26.5 Posterior prediction for regressions

This is an old version, view current version.

26.5 Posterior prediction for regressions

26.5.1 Posterior predictive distributions for regressions

Consider a regression with a single predictor $x_n$ for the training outcome $y_n$ and $\tilde{x}_n$ for the test outcome $\tilde{y}_n.$ Without considering the parametric form of any of the distributions, the posterior predictive distribution for a general regression in $\begin{eqnarray} p(\tilde{y} \mid \tilde{x}, y, x) & = & \int p(\tilde{y} \mid x, \theta) \cdot p(\theta \mid y, x) \, \textrm{d}\theta \\[4pt] & \approx & \frac{1}{M} \sum_{m=1}^M \, p(\tilde{y} \mid \tilde{x}, \theta^{(m)}), \end{eqnarray}$ where $\theta^{(m)} \sim p(\theta \mid x, y).$

26.5.2 Stan program

The following program defines a Poisson regression with a single predictor. These predictors are all coded as data, as are their sizes. Only the observed $y$ values are coded as data. The predictive quantities $\tilde{y}$ appear in the generated quantities block, where they are generated by random number generation.

data {
  int<lower=0> N;
  vector[N] x;
  array[N] int<lower=0> y;
  int<lower=0> N_tilde;
  vector[N_tilde] x_tilde;
}
parameters {
  real alpha;
  real beta;
}
model {
  y ~ poisson_log(alpha + beta * x);
  { alpha, beta } ~ normal(0, 1);
}
generated quantities {
  array[N_tilde] int<lower=0> y_tilde
    = poisson_log_rng(alpha + beta * x_tilde);
}

The Poisson distributions in both the model and generated quantities block are coded using the log rate as a parameter (that’s poisson_log vs. poisson, with the suffixes defining the scale of the parameter).

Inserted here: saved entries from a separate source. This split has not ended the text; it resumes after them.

Lemma link_omega_essential S g : isolated_invariant R V S -> full_solution V g ->
    omega V g `&` S !=set0 ->
  exists h, [/\ full_solution V h, omega V h `&` S !=set0,
             alpha V h = alpha V g & omega_essential h].
Proof.
move=> isoS gsol gS.
have [ess | /contrapT[W VW [_ gW]]] := pselect (omega_essential g); first by exists g.
have WS := isolated_mv_sub isoS VW gW gS.
have [a ga] := future_limit_neq0 g finT.
have [ta _ gta] := ga 0 (lexx _).
have [s [sess sS s0]] := invariant_solution isoS.1 (WS a (gW a (sub_lc_hull ga))).
have [ssol _ s_omega] := (essentialE s).1 sess.
pose g' t := g (t + ta).
have g'_s : g' 0 = s 0 by rewrite s0 /g' add0r.
have omega_h : omega V (splice g' s) = omega V s.
  by apply: (omega_shift (c := 0) (t0 := 0)) => t t_ge; rewrite addr0 splice_r.
exists (splice g' s); split.
- apply: splice_full_solution g'_s => [t | t _]; last exact: ssol.
  by rewrite /g' addrAC; apply: gsol.
- rewrite omega_h; have [b sb] := future_limit_neq0 s finT.
  by exists b; split; [exact: sub_lc_hull | exact/sS/future_limit_range].
- by apply: (alpha_shift (c := ta) (t0 := 0)) => t t_le; rewrite splice_l.
- by rewrite /omega_essential omega_h.
Qed.

Lemma link_essential S1 S2 g :
    isolated_invariant R V S1 -> isolated_invariant R V S2 -> link V S1 S2 g ->
  exists h, [/\ essential R V h, alpha V h `&` S1 !=set0 & omega V h `&` S2 !=set0].
Proof.
move=> iso1 iso2 [gsol [gS1 gS2]].
have [g1 [g1sol g1S1 g1_omega g1_alpha]] := link_alpha_essential iso1 gsol gS1.
have [|h [hsol hS2 h_alpha h_omega]] := link_omega_essential iso2 g1sol.
  by rewrite g1_omega.
exists h; split=> //; last by rewrite h_alpha.
by apply/essentialE; split=> //; rewrite /alpha_essential h_alpha.
Qed.
(* Let $G=(V,E)$ be a graph with maximum (undirected) degree $\Delta$ and arboricity $\alpha$, let $\mu$ be an orientation of its edges with out-degree at most $2\alpha$, let $h\le\log\alpha$, and consider Procedure Oriented Edge-Coloring$(G,\mu,h)$. For every $0\le i\le h$, the maximum (undirected) degree $\Delta^{(i)}$ of any graph $G^{(i)}$ computed after $i$ levels of recursion satisfies $\Delta^{(i)}\le\frac{\Delta}{2^i}+2$.
   Context: Logarithms are base 2. The arboricity of $G$ is $\max_{S\subseteq V,|S|\ge2}\lceil |E(G[S])|/(|S|-1)\rceil$. An oriented degree-splitting of $(H,\mu)$ with discrepancy $\kappa$ is a partition $(E_1,E_2)$ of $E(H)$ such that for every vertex $v$, the numbers of incoming edges of $v$ in $E_1$ and in $E_2$ differ by at most $\kappa$, and likewise for outgoing edges. Procedure Oriented Edge-Coloring$(H,\mu,h)$: if $h=0$, return a proper $(\Delta(H)+1)$-edge-coloring of $H$ from a base-case subroutine; otherwise compute an oriented degree-splitting $(E_1,E_2)$ of $(H,\mu)$ with discrepancy at most 1, recursively call Oriented Edge-Coloring$(H_1,\mu,h-1)$ and Oriented Edge-Coloring$(H_2,\mu,h-1)$ on $H_1=(V,E_1)$, $H_2=(V,E_2)$ (with the orientation induced by $\mu$), and merge the colorings using disjoint palettes. $G^{(0)}=G$, and a graph computed after $i$ levels of recursion is any $H_1$ or $H_2$ produced from a graph computed after $i-1$ levels. *)

From HB Require Import structures.
From mathcomp Require Import all_boot all_order all_algebra.
Set Implicit Arguments. Unset Strict Implicit. Unset Printing Implicit Defensive.

Section Defs.
Variable V : finType.

Definition simple_graph (e : rel V) : Prop := symmetric e /\ irreflexive e.

Definition udeg (e : rel V) (v : V) : nat := #|[set u | e v u]|.
Definition max_deg (e : rel V) : nat := \max_(v : V) udeg e v.

(* |E(G[S])| : number of (unordered) edges with both ends in S *)
Definition edges_in (e : rel V) (S : {set V}) : nat :=
  #|[set p : V * V | [&& p.1 \in S, p.2 \in S & e p.1 p.2]]| %/ 2.

Definition ceil_div (a b : nat) : nat := (a + b.-1) %/ b.

Definition arboricity (e : rel V) : nat :=
  \max_(S : {set V} | 1 < #|S|) ceil_div (edges_in e S) (#|S| - 1).

(* mu is an orientation of the edges of e: every edge gets exactly one direction,
   and only edges get directions. mu u v means the edge {u,v} is oriented u -> v. *)
Definition is_orientation (e mu : rel V) : Prop :=
  (forall u v, mu u v -> e u v) /\ (forall u v, e u v -> mu u v (+) mu v u).

Definition outdeg_mu (mu : rel V) (v : V) : nat := #|[set u | mu v u]|.

(* An oriented (sub)graph is a set of arcs (u, v), meaning edge {u,v} oriented u -> v. *)
Definition arcs_of (mu : rel V) : {set V * V} := [set p | mu p.1 p.2].

Definition indeg (F : {set V * V}) (v : V) : nat := #|[set p in F | p.2 == v]|.
Definition outdeg (F : {set V * V}) (v : V) : nat := #|[set p in F | p.1 == v]|.
Definition deg (F : {set V * V}) (v : V) : nat :=
  #|[set p in F | (p.1 == v) || (p.2 == v)]|.
Definition max_deg_arcs (F : {set V * V}) : nat := \max_(v : V) deg F v.

Definition close_by (k m n : nat) : bool := (m <= n + k) && (n <= m + k).

Definition oriented_splitting (kappa : nat) (F F1 F2 : {set V * V}) : Prop :=
  [/\ F1 :|: F2 = F, F1 :&: F2 = set0,
      forall v, close_by kappa (indeg F1 v) (indeg F2 v)
    & forall v, close_by kappa (outdeg F1 v) (outdeg F2 v)].

(* computed mu i H : H is a graph computed after i levels of recursion of
   Oriented Edge-Coloring(G, mu, h), for any choice of discrepancy-1 splittings *)
Inductive computed (mu : rel V) : nat -> {set V * V} -> Prop :=
| computed0 : computed mu 0 (arcs_of mu)
| computed_l i F F1 F2 :
    computed mu i F -> oriented_splitting 1 F F1 F2 -> computed mu i.+1 F1
| computed_r i F F1 F2 :
    computed mu i F -> oriented_splitting 1 F F1 F2 -> computed mu i.+1 F2.

End Defs.

From HB Require Import structures.
From mathcomp Require Import all_boot all_order all_algebra.
From mathcomp Require Import zify.
Import GRing.Theory Num.Theory.

Set Implicit Arguments.
Unset Strict Implicit.
Unset Printing Implicit Defensive.

(* Track the total degree indeg + outdeg of a vertex.  At the root it is at
   most the undirected degree in G; a discrepancy-1 splitting leaves each half
   at most (indeg + 1)/2 incoming and (outdeg + 1)/2 outgoing arcs, so every
   level halves it up to an additive 1, whence 2^i (indeg + outdeg) <= Delta
   + 2 * 2^i at level i.  The undirected degree is at most the total degree. *)

Lemma card_sep_partition (T : finType) (F F1 F2 : {set T}) (P : pred T) :
  F1 :|: F2 = F -> F1 :&: F2 = set0 ->
  #|[set x in F | P x]| = #|[set x in F1 | P x]| + #|[set x in F2 | P x]|.
Proof.
move=> <- F12_0; rewrite !setIdE setIUl cardsU.
by rewrite setIACA setIid F12_0 set0I cards0 subn0.
Qed.

Lemma close_byC (k m n : nat) : close_by k m n = close_by k n m.
Proof. exact: andbC. Qed.

Lemma close_by1_double (m n : nat) : close_by 1 m n -> 2 * m <= m + n + 1.
Proof. by case/andP; lia. Qed.

Section OrientedDegrees.
Variable V : finType.
Implicit Types (F : {set V * V}) (e mu : rel V) (v : V).

Definition inoutdeg F v := indeg F v + outdeg F v.

Lemma deg_le_inoutdeg F v : deg F v <= inoutdeg F v.
Proof.
rewrite /deg /inoutdeg /indeg /outdeg addnC.
have -> : [set p in F | (p.1 == v) || (p.2 == v)] =
          [set p in F | p.1 == v] :|: [set p in F | p.2 == v].
  by apply/setP => p; rewrite !inE andb_orr.
exact: leq_card_setU.
Qed.

Lemma indeg_arcs_of mu v : indeg (arcs_of mu) v = #|[set u | mu u v]|.
Proof.
rewrite /indeg -(card_imset _ (f := fun u : V => (u, v))); last by move=> a b [].
apply: eq_card => -[a b]; rewrite !inE /=.
apply/andP/imsetP => [[mu_ab /eqP b_v]|[u]]; first by rewrite -b_v; exists a; rewrite ?inE.
by rewrite inE => mu_uv [-> ->].
Qed.

Lemma outdeg_arcs_of mu v : outdeg (arcs_of mu) v = #|[set u | mu v u]|.
Proof.
rewrite /outdeg -(card_imset _ (f := fun u : V => (v, u))); last by move=> a b [].
apply: eq_card => -[a b]; rewrite !inE /=.
apply/andP/imsetP => [[mu_ab /eqP a_v]|[u]]; first by rewrite -a_v; exists b; rewrite ?inE.
by rewrite inE => mu_vu [-> ->].
Qed.

Lemma inoutdeg_arcs_of e mu v :
  symmetric e -> is_orientation e mu -> inoutdeg (arcs_of mu) v <= udeg e v.
Proof.
move=> e_sym [mu_e mu_xor].
rewrite /inoutdeg indeg_arcs_of outdeg_arcs_of -cardsUI.
have -> : [set u | mu u v] :&: [set u | mu v u] = set0.
  apply/setP => u; rewrite !inE; apply/negbTE/negP => /andP[mu_uv mu_vu].
  by have := mu_xor u v (mu_e _ _ mu_uv); rewrite mu_uv mu_vu.
rewrite cards0 addn0; apply: subset_leq_card; apply/subsetP => u.
by rewrite !inE => /orP[/mu_e|/mu_e]; rewrite // e_sym.
Qed.

Lemma oriented_splittingC k F F1 F2 :
  oriented_splitting k F F1 F2 -> oriented_splitting k F F2 F1.
Proof.
case=> F_U F_I close_in close_out; split; rewrite 1?setUC 1?setIC //.
- by move=> v; rewrite close_byC.
- by move=> v; rewrite close_byC.
Qed.

Lemma inoutdeg_splitl F F1 F2 v :
  oriented_splitting 1 F F1 F2 -> 2 * inoutdeg F1 v <= inoutdeg F v + 2.
Proof.
case=> F_U F_I close_in close_out.
have := close_by1_double (close_in v); have := close_by1_double (close_out v).
rewrite /inoutdeg /indeg /outdeg.
by rewrite !(card_sep_partition _ F_U F_I); lia.
Qed.

Lemma computed_inoutdeg e mu i H v :
  symmetric e -> is_orientation e mu -> computed mu i H ->
  2 ^ i * inoutdeg H v <= max_deg e + 2 * 2 ^ i.
Proof.
move=> e_sym mu_e; elim: i H / => [|i F F1 F2 _ IH split_F|i F F1 F2 _ IH split_F].
- rewrite expn0 mul1n; apply: leq_trans (inoutdeg_arcs_of v e_sym mu_e) _.
  exact: leq_trans (leq_bigmax (F := udeg e) v) (leq_addr _ _).
- by have := inoutdeg_splitl v split_F; rewrite expnS; nia.
- by have := inoutdeg_splitl v (oriented_splittingC split_F); rewrite expnS; nia.
Qed.

Lemma computed_max_deg e mu i H :
  symmetric e -> is_orientation e mu -> computed mu i H ->
  2 ^ i * max_deg_arcs H <= max_deg e + 2 * 2 ^ i.
Proof.
move=> e_sym mu_e H_i; rewrite mulnC -leq_divRL ?expn_gt0 //.
apply/bigmax_leqP => v _; rewrite leq_divRL ?expn_gt0 // mulnC.
apply: leq_trans (computed_inoutdeg v e_sym mu_e H_i).
by rewrite leq_mul2l deg_le_inoutdeg orbT.
Qed.

End OrientedDegrees.

Local Open Scope ring_scope.

Theorem corollary4p9 (V : finType) (e mu : rel V) (Delta alpha h : nat) :
  simple_graph e ->
  Delta = max_deg e ->
  alpha = arboricity e ->
  is_orientation e mu ->
  (forall v, (outdeg_mu mu v <= 2 * alpha)%N) ->
  (2 ^ h <= alpha)%N ->
  forall (i : nat) (H : {set V * V}), (i <= h)%N -> computed mu i H ->
    (max_deg_arcs H)%:R <= (Delta%:R / (2 ^ i)%:R : rat) + 2.
Proof.
move=> [e_sym _] -> _ mu_e _ _ i H _ H_i.
have pow_gt0 : 0 < (2 ^ i)%:R :> rat by rewrite ltr0n expn_gt0.
rewrite -(ler_pM2r pow_gt0) mulrDl divfK ?lt0r_neq0 //.
rewrite -!natrM -natrD ler_nat mulnC.
exact: computed_max_deg e_sym mu_e H_i.
Qed.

The regression coefficients, an intercept alpha and slope beta, are given standard normal priors.

In the model block, the log rate for the Poisson is a linear function of the training data $x$ , whereas in the generated quantities block it is a function of the test data $\tilde{x}$ . Because the generated quantities block does not affect the posterior draws, the model fits $\alpha$ and $\beta$ using only the training data, reserving $\tilde{x}$ to generate $\tilde{y}.$

The result from running Stan is a predictive sample $\tilde{y}^{(1)}, \ldots \tilde{y}^{(M)}$ where each $\tilde{y}^{(m)} \sim p(\tilde{y} \mid \tilde{x}, x, y).$

The mean of the posterior predictive distribution is the expected value $\begin{align} \mathbb{E}[\tilde{y} \mid \tilde{x}, x, y] & = & \int \tilde{y} \cdot p(\tilde{y} \mid \tilde{x}, \theta) \cdot p(\theta \mid x, y) \, \textrm{d}\theta \\[4pt] & \approx & \frac{1}{M} \sum_{m = 1}^M \tilde{y}^{(m)}, \end{align}$ where the $\tilde{y}^{(m)} \sim p(\tilde{y} \mid \tilde{x}, x, y)$ are drawn from the posterior predictive distribution. Thus the posterior mean of y_tilde[n] after running Stan is the expected value of $\tilde{y}_n$ conditioned on the training data $x, y$ and predictor $\tilde{x}_n.$ This is the Bayesian estimate for $\tilde{y}$ with minimum expected squared error. The posterior draws can also be used to estimate quantiles for the median and any posterior intervals of interest for $\tilde{y}$ , as well as covariance of the $\tilde{y_n}.$ The posterior draws $\tilde{y}^{(m)}$ may also be used to estimate predictive event probabilities, such as $\mbox{Pr}[\tilde{y}_1 > 0]$ or $\mbox{Pr}[\prod_{n = 1}^{\tilde{N}}(\tilde{y_n}) > 1],$ as expectations of indicator functions.

All of this can be carried out by running Stan only a single time to draw a single sample of $M$ draws, $\tilde{y}^{(1)}, \ldots, \tilde{y}^{(M)} \sim p(\tilde{y} \mid \tilde{x}, x, y).$ It’s only when moving to cross-validation where multiple runs are required.